(Collected data entries)
┌──

(* Let $P$ be a partial order on $[n]$ which is a disjoint union of chains $c_1,\dots,c_m$ (each $c_r$ totally ordered by $P$, elements of distinct chains incomparable, the $c_r$ partitioning $[n]$), and assign to each chain $c$ a relation $\rho_c\in\{<,>,\le,\ge,=\}$. Call $g\in\widetilde{\mathcal F}_n$ $P$-chain monotone if for every chain $c$ and all $i,j\in c$ with $i<_P j$ one has $g(i)\,\rho_c\,g(j)$. Let $\pi$ be uniform on $\mathrm{PF}_n$ and $f$ uniform on $\widetilde{\mathcal F}_n$. Then $$P\{\pi\text{ is }P\text{-chain monotone}\}=P\{f\text{ is }P\text{-chain monotone}\}.$$ (In particular, with $\rho_c$ equal to $<$ for every chain, $P\{\pi\text{ is }P\text{-monotone}\}=P\{f\text{ is }P\text{-monotone}\}$, where $g$ is $P$-monotone if $i<_Pj$ implies $g(i)<g(j)$.)
   Context: A parking function of length $n$ is a sequence $(\pi_1,\dots,\pi_n)$ with $1\le\pi_i\le n$ such that $\#\{t:\pi_t\le i\}\ge i$ for all $1\le i\le n$; $\mathrm{PF}_n$ denotes the set of these. $\widetilde{\mathcal F}_n$ is the set of all functions $g:[n]\to[n+1]$, so $\mathrm{PF}_n\subseteq\widetilde{\mathcal F}_n$. *)

From HB Require Import structures.
From mathcomp Require Import all_boot all_order all_algebra.
Set Implicit Arguments. Unset Strict Implicit. Unset Printing Implicit Defensive.

(* Functions g : [n] -> [n+1] are encoded as {ffun 'I_n -> 'I_n.+1};
   the element i : 'I_n stands for i+1 in [n] and the value k : 'I_n.+1
   stands for k+1 in [n+1]. *)
Definition Ftilde (n : nat) := {ffun 'I_n -> 'I_n.+1}.

(* parking function: values in [n] and #{t : pi_t <= i} >= i for 1 <= i <= n.
   With 0-based values v = pi_t - 1, "pi_t <= i" is "v < i". *)
Definition is_parking (n : nat) (g : Ftilde n) : bool :=
  [forall t, (g t : nat) < n] &&
  [forall i : 'I_n.+1, (0 < i) ==> (i <= #|[set t | (g t : nat) < i]|)].

Inductive crel := CLt | CGt | CLe | CGe | CEq.

Definition crel_holds (r : crel) (a b : nat) : bool :=
  match r with
  | CLt => a < b | CGt => a > b | CLe => a <= b | CGe => a >= b | CEq => a == b
  end.

(* A poset on [n] which is a disjoint union of chains is given by the list of
   its chains, each chain listed in increasing P-order; the chains partition [n]
   (their concatenation is a duplicate-free enumeration of 'I_n). *)
Definition chain_partition (n : nat) (cs : seq (seq 'I_n)) : Prop :=
  perm_eq (flatten cs) (enum 'I_n).

Definition chain_lt (n : nat) (c : seq 'I_n) (i j : 'I_n) : bool :=
  [&& i \in c, j \in c & index i c < index j c].

Definition P_lt (n : nat) (cs : seq (seq 'I_n)) (i j : 'I_n) : bool :=
  has (fun c => chain_lt c i j) cs.

Definition chain_monotone (n : nat) (cr : seq (seq 'I_n * crel)) (g : Ftilde n) : bool :=
  all (fun cp => [forall i, forall j,
          chain_lt cp.1 i j ==> crel_holds cp.2 (g i) (g j)]) cr.

Definition unif_prob (T : finType) (A E : {pred T}) : rat :=
  (#|[predI A & E]|%:R / #|A|%:R)%R.

From HB Require Import structures.
From mathcomp Require Import all_boot all_order all_algebra.
From mathcomp Require Import zify.
Set Implicit Arguments. Unset Strict Implicit. Unset Printing Implicit Defensive.
Import GRing.Theory Num.Theory.

(* Pollak's cycle argument: among the n+1 cyclic shifts x |-> g x + k (mod n+1) of any
   g : [n] -> [n+1], exactly one is a parking function, namely the shift by n+1-a where a is
   the first minimiser of x |-> #{t | g t < x} - x on (0, n+1].  Re-sorting the values of g
   inside every chain (increasingly or decreasingly according to rho_c) preserves its
   multiset of values, hence whether it is parking, and a P-chain monotone function is
   determined by its multisets of values on the chains.  Therefore (g, k) |-> re-sort of
   the k-th shift of g is a bijection from (PF_n and P-chain monotone) x Z_(n+1) onto the
   P-chain monotone functions, i.e. #(PF_n & monotone) * (n+1) = #monotone for every P.
   Singleton chains give #PF_n * (n+1) = (n+1)^n, and dividing yields the theorem. *)

Definition leftmost_argmin (f : nat -> nat) (m a : nat) :=
  (forall x, 0 < x < a -> f a < f x) /\ (forall x, a < x <= m -> f a <= f x).

Lemma leftmost_argmin_uniq f m a b : 0 < a <= m -> 0 < b <= m ->
  leftmost_argmin f m a -> leftmost_argmin f m b -> a = b.
Proof.
move=> /andP[a0 am] /andP[b0 bm] [Ab Aa] [Bb Ba].
case: (ltngtP a b) => // ab.
  by have := Bb a; rewrite a0 ab => /(_ isT); rewrite ltnNge Aa ?ab.
by have := Ab b; rewrite b0 ab => /(_ isT); rewrite ltnNge Ba ?ab.
Qed.

Lemma leftmost_argmin_exists f m : exists2 a, 0 < a <= m.+1 & leftmost_argmin f m.+1 a.
Proof.
case: (@arg_minnP _ (ord0 : 'I_m.+1) xpredT (fun i : 'I_m.+1 => f i.+1) isT)
  => i _ i_min.
have min_ge x : 0 < x <= m.+1 -> f i.+1 <= f x.
  by case: x => // x /andP[_ xm]; apply: (i_min (Ordinal xm)).
have exP : exists a, (0 < a <= m.+1) && (f a <= f i.+1).
  by exists i.+1; rewrite ltnS -ltnS ltn_ord leqnn.
case: (ex_minnP exP) => a /andP[am a_min] a_first.
exists a => //; split=> [x /andP[x0 xa] | x /andP[ax xm]].
  rewrite ltnNge; apply/negP => fxa.
  have := a_first x; rewrite x0 (leq_trans (ltnW xa) (proj2 (andP am))).
  by rewrite (leq_trans fxa a_min) => /(_ isT); rewrite leqNgt xa.
apply: leq_trans a_min (min_ge x _).
by rewrite xm (leq_ltn_trans (leq0n a) ax).
Qed.

Lemma chain_lt_pairwise n (c : seq 'I_n) (e : rel 'I_n) : uniq c ->
  [forall i, forall j, chain_lt c i j ==> e i j] = pairwise e c.
Proof.
case: c => [|x0 c0] uc; first by apply/forallP => i; apply/forallP => j.
set c := x0 :: c0 in uc *; apply/idP/(pairwiseP x0).
  move=> /forallP lt_e i j; rewrite !inE => ic jc ij.
  have /forallP/(_ (nth x0 c j))/implyP := lt_e (nth x0 c i); apply.
  by rewrite /chain_lt !mem_nth // !index_uniq.
move=> pw; apply/forallP => i; apply/forallP => j; apply/implyP => /and3P[ic jc ij].
by rewrite -(nth_index x0 ic) -(nth_index x0 jc) pw // inE index_mem.
Qed.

└──

→ **What you need to do**:
Only the lines of the data holding the string "rewrite" are wanted; copy each of them.

→ **Answer below**:
  by have := Bb a; rewrite a0 ab => /(_ isT); rewrite ltnNge Aa ?ab.
by have := Ab b; rewrite b0 ab => /(_ isT); rewrite ltnNge Ba ?ab.
  by exists i.+1; rewrite ltnS -ltnS ltn_ord leqnn.
  rewrite ltnNge; apply/negP => fxa.
  have := a_first x; rewrite x0 (leq_trans (ltnW xa) (proj2 (andP am))).
  by rewrite (leq_trans fxa a_min) => /(_ isT); rewrite leqNgt xa.
by rewrite xm (leq_ltn_trans (leq0n a) ax).
  move=> /forallP lt_e i j; rewrite !inE => ic jc ij.
  by rewrite /chain_lt !mem_nth // !index_uniq.
by rewrite -(nth_index x0 ic) -(nth_index x0 jc) pw // inE index_mem.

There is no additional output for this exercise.